Electric meter

+ More real-time data and better connectivity will bring benefits for cities and their residents.

The power of real-time data is nothing new. Since ancient times having more information has provided a competitive advantage in situations ranging from the battlefield to the stock market. 

The future won’t be any different. Real-time data can help cities become more attractive while giving citizens the services they require. Real-time data and connectivity has the potential to be translated into benefits for cities and their citizens, mainly in terms of savings and optimising the usage of a city’s scarce resources.

Real-time (or even close to real-time) data will, if managed appropriately, radically improve accuracy when trying to predict the immediate future or to produce short-term forecasts. This could make usage of scarce resources, like electricity, more efficient. 

At the moment electricity can’t be stored in large quantities, at least in a competitive way. At the same time there is an increasing amount of intermittent power generated by renewables adding a bigger challenge to the balance of the system. Therefore it’s critical to have the right amount in the grid at any moment.

In the UK, the National Grid publishes the country consumption figures in real-time and relies on historical consumption data plus a forecasting algorithm to predict future consumption. Having real-time (or close to real-time) consumption data would allow the algorithm to be continuously revised with new data – significantly improving the accuracy of forecasts, and ultimately achieving a more efficient balancing. 

It will also be possible to learn about historical changes in methodology used to construct the consumption data. In the past we could never have anticipated this information and by the time we may have come across it, it probably wouldn’t have extra benefits. 

Real-time data could be especially useful when predictions require input from another series of forecasted data (such as weather forecast data). By applying time series analysis, (for example, an autoregressive integrated moving average or ARIMA model, the most general class of models for forecasting a time series) it would be possible to identify patterns and systematic errors that, when incorporated into the algorithm, could enhance significantly the accuracy of our forecasts. 

In general, it’s fair to say that the scarcer the resource, the bigger the savings. For example in Great Britain, Elexon applies ‘cash-out’ or ‘energy imbalance’ prices to settle the difference between contracted generation or consumption and the amount that was actually generated or consumed in each half hour trading period.

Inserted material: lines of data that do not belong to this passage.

(* Assume the standing setup with $\lambda_1(\boldsymbol\Omega_K)>1$, and set $\mathbf v_1^{(r)}=\mathbf D_{\boldsymbol\rho^{\odot1/2}}(\mathbf 1_K-\mathbf g(1))$ and $\mathbf v_1^{(l)}=\boldsymbol\Omega_K\mathbf v_1^{(r)}$. Then $\mathbf v_1^{(r)}\succ\mathbf 0_K$, $(\mathbf D_{\mathbf g(1)}\boldsymbol\Omega_K)\mathbf v_1^{(r)}=\mathbf v_1^{(r)}$ and $(\mathbf D_{\mathbf g(1)}\boldsymbol\Omega_K)^\top\mathbf v_1^{(l)}=\mathbf v_1^{(l)}$.
   Context: Standing setup: $K\ge1$, $\boldsymbol\rho=(\rho_k)$ with $\rho_k\in(0,1)$, $\sum\rho_k=1$; $\mathbf S_K=(s_{kl})$ symmetric with $s_{kl}>0$; $\mathbf D_{\mathbf v}$ diagonal with diagonal $\mathbf v$; $\boldsymbol\Omega_K=\mathbf D_{\boldsymbol\rho^{\odot1/2}}\mathbf S_K\mathbf D_{\boldsymbol\rho^{\odot1/2}}$, $\boldsymbol\Gamma_K=\mathbf S_K\mathbf D_{\boldsymbol\rho}$; $\lambda_1$ = largest eigenvalue. For each $N$, $[N]$ is split into consecutive blocks $B_k$ with $|B_k|/N\to\rho_k$; $\Sigma_{ij}=s_{kl}$ for $i\in B_k,j\in B_l$; $\mathbf H$ symmetric with independent standard Gaussian entries on/above the diagonal; $\mathbf X=\mathbf H\odot\boldsymbol\Sigma^{\odot1/2}-N^{-1/2}\mathrm{Diag}(\boldsymbol\Sigma\mathbf 1)$; $\mu_X$ the a.s. limiting spectral distribution of $\mathbf X/\sqrt N$. QVE: for $z\in\mathbb H_-=\{\Im z<0\}$, $\mathbf g(z)$ is the unique solution in $(\mathbb H_+)^K$ of $\mathbf 1_K=z\mathbf g-\mathbf g\odot\boldsymbol\Gamma_K(\mathbf g-\mathbf 1_K)$, $\sum_k\rho_kg_k$ being the Stieltjes transform of $\mu_X$; $\mathbf g(1)$ is the value at $1$ of its continuous extension to $\mathbb H_-\cup\mathbb R$. $\succ$ is entrywise strict inequality. *)

From mathcomp Require Import all_boot all_order all_algebra.
From mathcomp Require Import reals.
From mathcomp.real_closed Require Export complex.
Import GRing.Theory Num.Theory.

Set Implicit Arguments.
Unset Strict Implicit.
Unset Printing Implicit Defensive.

Local Open Scope ring_scope.
Local Open Scope complex_scope.

Section Defs.
Variable R : realType.
Variable K : nat.

Definition Dv (T : nmodType) (v : 'cV[T]_K) : 'M[T]_K := diag_mx v^T.

Definition hadamard (T : pzSemiRingType) (m n : nat) (A B : 'M[T]_(m, n)) :
  'M[T]_(m, n) := map2_mx *%R A B.

Definition sqrtv (rho : 'cV[R]_K) : 'cV[R]_K := map_mx Num.sqrt rho.

Definition OmegaK (rho : 'cV[R]_K) (S : 'M[R]_K) : 'M[R]_K :=
  Dv (sqrtv rho) *m S *m Dv (sqrtv rho).

Definition GammaK (rho : 'cV[R]_K) (S : 'M[R]_K) : 'M[R]_K := S *m Dv rho.

Definition toC (m n : nat) (A : 'M[R]_(m, n)) : 'M[R[i]]_(m, n) :=
  map_mx (fun x => x%:C) A.

Definition largest_eigenvalue (A : 'M[R]_K) (lambda : R) : Prop :=
  eigenvalue A lambda /\ (forall mu, eigenvalue A mu -> mu <= lambda).

Definition QVE (rho : 'cV[R]_K) (S : 'M[R]_K) (z : R[i]) (g : 'cV[R[i]]_K) : Prop :=
  const_mx 1 = z *: g - hadamard g (toC (GammaK rho S) *m (g - const_mx 1)).

Definition in_Hminus (z : R[i]) : Prop := complex.Im z < 0.
Definition in_Hplus (z : R[i]) : Prop := 0 < complex.Im z.

(* w is the limit of g(z) as z -> z0 with z in H_- (i.e. the value at z0 of
   the continuous extension of g to H_- \cup R) *)
Definition lim_from_Hminus (g : R[i] -> 'cV[R[i]]_K) (z0 : R[i]) (w : 'cV[R[i]]_K)
  : Prop :=
  forall k : 'I_K, forall eps : R, 0 < eps -> exists delta : R, 0 < delta /\
    forall z, in_Hminus z -> `|z - z0| < delta%:C -> `|g z k 0 - w k 0| < eps%:C.

End Defs.

(* Letting [z -> 1] in the QVE [g_k (z + (Gamma (1 - g))_k) = 1] gives the same identity
   at [g(1)], and the positive vector [Im g(z)] turns, through a Schur test, into the bound
   [t^T D_rho Gamma t <= sum_k rho_k |g_k(1)|^-2 t_k^2] for real [t].  The symmetry of
   [D_rho Gamma] then forces [Im g(1) = 0].  Writing [g(1) = 1 - u], testing the bound on
   the negative part of [u] gives [u >= 0], and [u_k = 0] for a single [k] would force
   [u = 0], hence [lambda_1(Omega) <= 1].  So [u > 0], and [(1 - u_k) (1 + (Gamma u)_k) = 1]
   is exactly [D_{g(1)} Omega v = v] for [v = D_{rho^{1/2}} u]; the left eigenvector
   equation follows from the symmetry of [Omega]. *)

From mathcomp Require Import all_boot all_order all_algebra.
From mathcomp Require Import reals.
From mathcomp.real_closed Require Import complex.
From mathcomp Require Import ring lra.
Import Order.TTheory GRing.Theory Num.Theory Normc.

Set Implicit Arguments.
Unset Strict Implicit.
Unset Printing Implicit Defensive.

Local Open Scope ring_scope.
Local Open Scope complex_scope.

Notation cRe := complex.Re.
Notation cIm := complex.Im.

Section ComplexFacts.
Variable R : rcfType.
Implicit Types (a b : R[i]) (c : R).

Lemma normcE a : `|a| = (normc a)%:C.
Proof. by case: a. Qed.

Lemma normc_ge0 a : 0 <= normc a.
Proof. by case: a => x y; exact: sqrtr_ge0. Qed.

Lemma normc_gt0 a : a != 0 -> 0 < normc a.
Proof.
by move=> a0; rewrite lt_neqAle normc_ge0 andbT; apply: contra a0 => /eqP/esym/eq0_normc->.
Qed.

Lemma normcJ a : normc a^* = normc a.
Proof. by case: a => x y /=; rewrite sqrrN. Qed.

Lemma sqr_normc a : normc a ^+ 2 = cRe a ^+ 2 + cIm a ^+ 2.
Proof. by case: a => x y /=; rewrite sqr_sqrtr // addr_ge0 ?sqr_ge0. Qed.

Lemma normc_Re a : `|cRe a| <= normc a.
Proof.
by case: a => x y /=; rewrite -sqrtr_sqr ler_sqrt ?addr_ge0 ?sqr_ge0 // lerDl sqr_ge0.
Qed.

Lemma mulcJ a : a * a^* = (normc a ^+ 2)%:C.
Proof. by rewrite sqr_normc; case: a => x y /=; congr (_ +i* _); ring. Qed.

Lemma Re_realM c a : cRe (c%:C * a) = c * cRe a.
Proof. by case: a => x y /=; ring. Qed.

Lemma Im_realM c a : cIm (c%:C * a) = c * cIm a.
Proof. by case: a => x y /=; ring. Qed.

Lemma Re_mulNi a : cRe (a * - 'i) = cIm a.
Proof. by case: a => x y /=; ring. Qed.

(* From [a b = 1] one gets [|a|^2 b = conj a]. *)
Lemma mul_eq1_normc a b : a * b = 1 ->
  normc a ^+ 2 * cRe b = cRe a /\ normc a ^+ 2 * cIm b = - cIm a.
Proof.
move=> ab1; have e : (normc a ^+ 2)%:C * b = a^*.
  by rewrite -mulcJ mulrAC ab1 mul1r.
by rewrite -Re_realM -Im_realM e; case: (a).
Qed.

End ComplexFacts.

Section Cvg1.
Variable R : realType.
Implicit Types (a b c L : R[i]) (F G : R[i] -> R[i]).

Definition cvg1 F L := forall e : R, 0 < e -> exists2 d : R, 0 < d &
  forall z, in_Hminus z -> normc (z - 1) < d -> normc (F z - L) < e.

Lemma cvg1_cst c : cvg1 (fun=> c) c.
Proof. by move=> e e_gt0; exists 1 => // z _ _; rewrite subrr normc0. Qed.

Lemma cvg1_id : cvg1 id 1.
Proof. by move=> e e_gt0; exists e. Qed.

Lemma cvg1D F G a b : cvg1 F a -> cvg1 G b -> cvg1 (fun z => F z + G z) (a + b).
Proof.
move=> Fa Gb e e_gt0; have e2_gt0 : 0 < e / 2 by rewrite divr_gt0.
have [d1 d1_gt0 Fd1] := Fa _ e2_gt0; have [d2 d2_gt0 Gd2] := Gb _ e2_gt0.
exists (Num.min d1 d2) => [|z Hz]; first by rewrite lt_min d1_gt0.
rewrite lt_min => /andP[z1 z2]; rewrite opprD addrACA.
have := le_normcD (F z - a) (G z - b); have := Fd1 z Hz z1; have := Gd2 z Hz z2; lra.
Qed.

Lemma cvg1N F a : cvg1 F a -> cvg1 (fun z => - F z) (- a).
Proof.
move=> Fa e /Fa[d d_gt0 Fd]; exists d => // z Hz zd.
by rewrite -opprD normcN; apply: Fd.
Qed.

Lemma cvg1J F a : cvg1 F a -> cvg1 (fun z => (F z)^*) a^*.
Proof.
move=> Fa e /Fa[d d_gt0 Fd]; exists d => // z Hz zd.
by rewrite -rmorphB normcJ; apply: Fd.
Qed.

Lemma cvg1M F G a b : cvg1 F a -> cvg1 G b -> cvg1 (fun z => F z * G z) (a * b).
Proof.
move=> Fa Gb e e_gt0; set m := 1 + normc a + normc b.
have m_gt0 : 0 < m by have := normc_ge0 a; have := normc_ge0 b; rewrite /m; lra.
have em_gt0 : 0 < Num.min 1 (e / m) by rewrite lt_min ltr01 divr_gt0.
have [d1 d1_gt0 Fd1] := Fa _ em_gt0; have [d2 d2_gt0 Gd2] := Gb _ em_gt0.
exists (Num.min d1 d2) => [|z Hz]; first by rewrite lt_min d1_gt0.
rewrite lt_min => /andP[/(Fd1 z Hz) + /(Gd2 z Hz)].
rewrite !lt_min => /andP[p1 pe] /andP[q1 qe].
have -> : F z * G z - a * b = (F z - a) * (G z - b) + (F z - a) * b + a * (G z - b).
  by ring.
apply: (le_lt_trans (le_normcD _ _)); rewrite !normcM.
apply: (le_lt_trans (lerD (le_normcD _ _) (lexx _))); rewrite !normcM.
have me : m * (e / m) = e by rewrite mulrC divfK ?gt_eqF.
move: p1 q1 pe qe me; rewrite /m.
have := normc_ge0 (F z - a); have := normc_ge0 (G z - b).
have := normc_ge0 a; have := normc_ge0 b.
set p := normc (F z - a); set q := normc (G z - b); set na := normc a; set nb := normc b.
set f := e / _ => *; nra.
Qed.

Lemma cvg1_sum (I : Type) (s : seq I) (F : I -> R[i] -> R[i]) (a : I -> R[i]) :
  (forall i, cvg1 (F i) (a i)) ->
  cvg1 (fun z => \sum_(i <- s) F i z) (\sum_(i <- s) a i).
Proof.
move=> Fa; elim: s => [|i s IH].
  by move=> e e_gt0; exists 1 => // z _ _; rewrite !big_nil subrr normc0.
move=> e /(cvg1D (Fa i) IH)[d d_gt0 Fd]; exists d => // z Hz zd.
by rewrite !big_cons; apply: Fd.
Qed.

Lemma cvg1_near F L e : cvg1 F L -> 0 < e ->
  exists2 z, in_Hminus z & normc (F z - L) < e.
Proof.
move=> FL /FL[d d_gt0 Fd]; have d2_gt0 : 0 < d / 2 by rewrite divr_gt0.
exists (1 -i* (d / 2)); first by rewrite /in_Hminus /= oppr_lt0.
apply: Fd; first by rewrite /in_Hminus /= oppr_lt0.
by rewrite /= subrr subr0 expr0n add0r sqrrN sqrtr_sqr gtr0_norm //; lra.
Qed.

Lemma cvg1_Re_ge F L (c : R) : cvg1 F L ->
  (forall z, in_Hminus z -> c <= cRe (F z)) -> c <= cRe L.
Proof.
move=> FL Fc; rewrite leNgt; apply/negP => Lc.
have Lc_gt0 : 0 < c - cRe L by rewrite subr_gt0.
have [z Hz] := cvg1_near FL Lc_gt0.
have := normc_Re (F z - L); rewrite raddfB /=.
have := Fc z Hz; have := ler_norm (cRe (F z) - cRe L); lra.
Qed.

Lemma cvg1_Im_ge F L (c : R) : cvg1 F L ->
  (forall z, in_Hminus z -> c <= cIm (F z)) -> c <= cIm L.
Proof.
move=> FL Fc; rewrite -Re_mulNi; apply: (cvg1_Re_ge (cvg1M FL (cvg1_cst _))).
by move=> z Hz; rewrite Re_mulNi; apply: Fc.
Qed.

Lemma cvg1_eq F L c : cvg1 F L -> (forall z, in_Hminus z -> F z = c) -> L = c.
Proof.
move=> FL Fc; apply/eqP; rewrite -subr_eq0; apply/eqP/eq0_normc.
have := normc_ge0 (L - c); rewrite le_eqVlt => /predU1P[// | Lc_gt0].
have [z Hz] := cvg1_near FL Lc_gt0.
by rewrite Fc // -normcN opprB ltxx.
Qed.

End Cvg1.

Section Weights.
Variables (R : realFieldType) (K : nat) (rho : 'cV[R]_K) (S : 'M[R]_K).
Hypothesis rho_gt0 : forall k, 0 < rho k 0.
Hypothesis S_sym : forall k l, S k l = S l k.
Implicit Types (t u v x w y d : 'I_K -> R).

Definition Gam u k := \sum_l S k l * rho l 0 * u l.

Definition qform t := \sum_k rho k 0 * t k * Gam t k.

Lemma sum_mulGamC u v :
  \sum_k rho k 0 * u k * Gam v k = \sum_k rho k 0 * v k * Gam u k.
Proof.
transitivity (\sum_k \sum_l rho k 0 * rho l 0 * S k l * u k * v l).
  by apply: eq_bigr => k _; rewrite mulr_sumr; apply: eq_bigr => l _; ring.
rewrite exchange_big /=; apply: eq_bigr => k _; rewrite mulr_sumr.
by apply: eq_bigr => l _; rewrite S_sym; ring.
Qed.

Lemma qformE t :
  qform t = \sum_k \sum_l rho k 0 * rho l 0 * S k l * (t k * t l).
Proof. by apply: eq_bigr => k _; rewrite mulr_sumr; apply: eq_bigr => l _; ring. Qed.

(* Schur test, via [2 t_k t_l <= t_k^2 y_l / y_k + t_l^2 y_k / y_l]. *)
Lemma qform_le_Schur t y d : (forall k, 0 < y k) -> (forall k l, 0 <= S k l) ->
  (forall k, Gam y k <= d k * y k) ->
  qform t <= \sum_k rho k 0 * d k * t k ^+ 2.
Proof.
move=> y_gt0 S_ge0 Gy_le.
pose c k l := rho k 0 * rho l 0 * S k l * (t k ^+ 2 * y l / y k).
have c_sym : \sum_k \sum_l c l k = \sum_k \sum_l c k l.
  by rewrite exchange_big.
have amgm k l : rho k 0 * rho l 0 * S k l * (t k * t l) <= (c k l + c l k) / 2.
  rewrite /c -subr_ge0.
  have -> : (rho k 0 * rho l 0 * S k l * (t k ^+ 2 * y l / y k) +
             rho l 0 * rho k 0 * S l k * (t l ^+ 2 * y k / y l)) / 2
            - rho k 0 * rho l 0 * S k l * (t k * t l) =
          rho k 0 * rho l 0 * S k l * (y k * y l * (t k / y k - t l / y l) ^+ 2 / 2).
    by rewrite S_sym; field; rewrite !gt_eqF.
  apply: mulr_ge0; first by rewrite !mulr_ge0 ?S_ge0 // ltW.
  by rewrite divr_ge0 // mulr_ge0 ?sqr_ge0 // mulr_ge0 // ltW.
rewrite qformE; apply: (le_trans (ler_sum _ (fun k _ => ler_sum _ (fun l _ => amgm k l)))).
have -> : \sum_k \sum_l (c k l + c l k) / 2 = \sum_k \sum_l c k l.
  transitivity ((\sum_k \sum_l c k l + \sum_k \sum_l c l k) / 2).
    rewrite -big_split mulr_suml; apply: eq_bigr => k _.
    by rewrite -big_split mulr_suml.
  by rewrite c_sym; field.
apply: ler_sum => k _; rewrite /c.
have -> : \sum_l rho k 0 * rho l 0 * S k l * (t k ^+ 2 * y l / y k) =
          rho k 0 * t k ^+ 2 / y k * Gam y k.
  by rewrite mulr_sumr; apply: eq_bigr => l _; field; rewrite gt_eqF.
have -> : rho k 0 * d k * t k ^+ 2 = rho k 0 * t k ^+ 2 / y k * (d k * y k).
  by field; rewrite gt_eqF.
by rewrite ler_wpM2l // divr_ge0 ?(mulr_ge0 (ltW _) (sqr_ge0 _)) // ltW.
Qed.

These cash out prices are designed to penalise companies for any imbalance. A small percentage saved in the spot market for energy would be translated into a huge amount of money. 

In a market like that for electricity, where to encourage efficient balancing the ’cash out’  prices carry big premiums, the benefits that real time data could bring should not be ignored.

Of course, energy companies would be the main beneficiaries. But with the right regulation in place, savings should be passed on to consumers. 

Moreover, real-time data combined with technology such as smart grids and smart meters will empower consumers, facilitating switching and bringing estimated billing to an end. They will also enhance demand response, helping consumers react faster to electricity prices while facilitating troubleshooting.  

However smart technology needs to be complemented with energy-saving awareness in order to bring significant savings. A survey carried out by British Gas found that changes in behaviour introduced by smart meters have led to financial savings of 54% off consumer’s energy bills, with 64% of those identifying savings of up to £75 per year.

Energy security of supply would also improve by citizens shifting their power consumption to off-peak times. This will help to deal with tight electricity margins, currently an issue in the UK due to the closure of older power stations sooner than had previously been expected.

This is why I believe data, if well managed and with the right protection, is key to efficiency, the basic element for cities to face the challenges of continuing growth.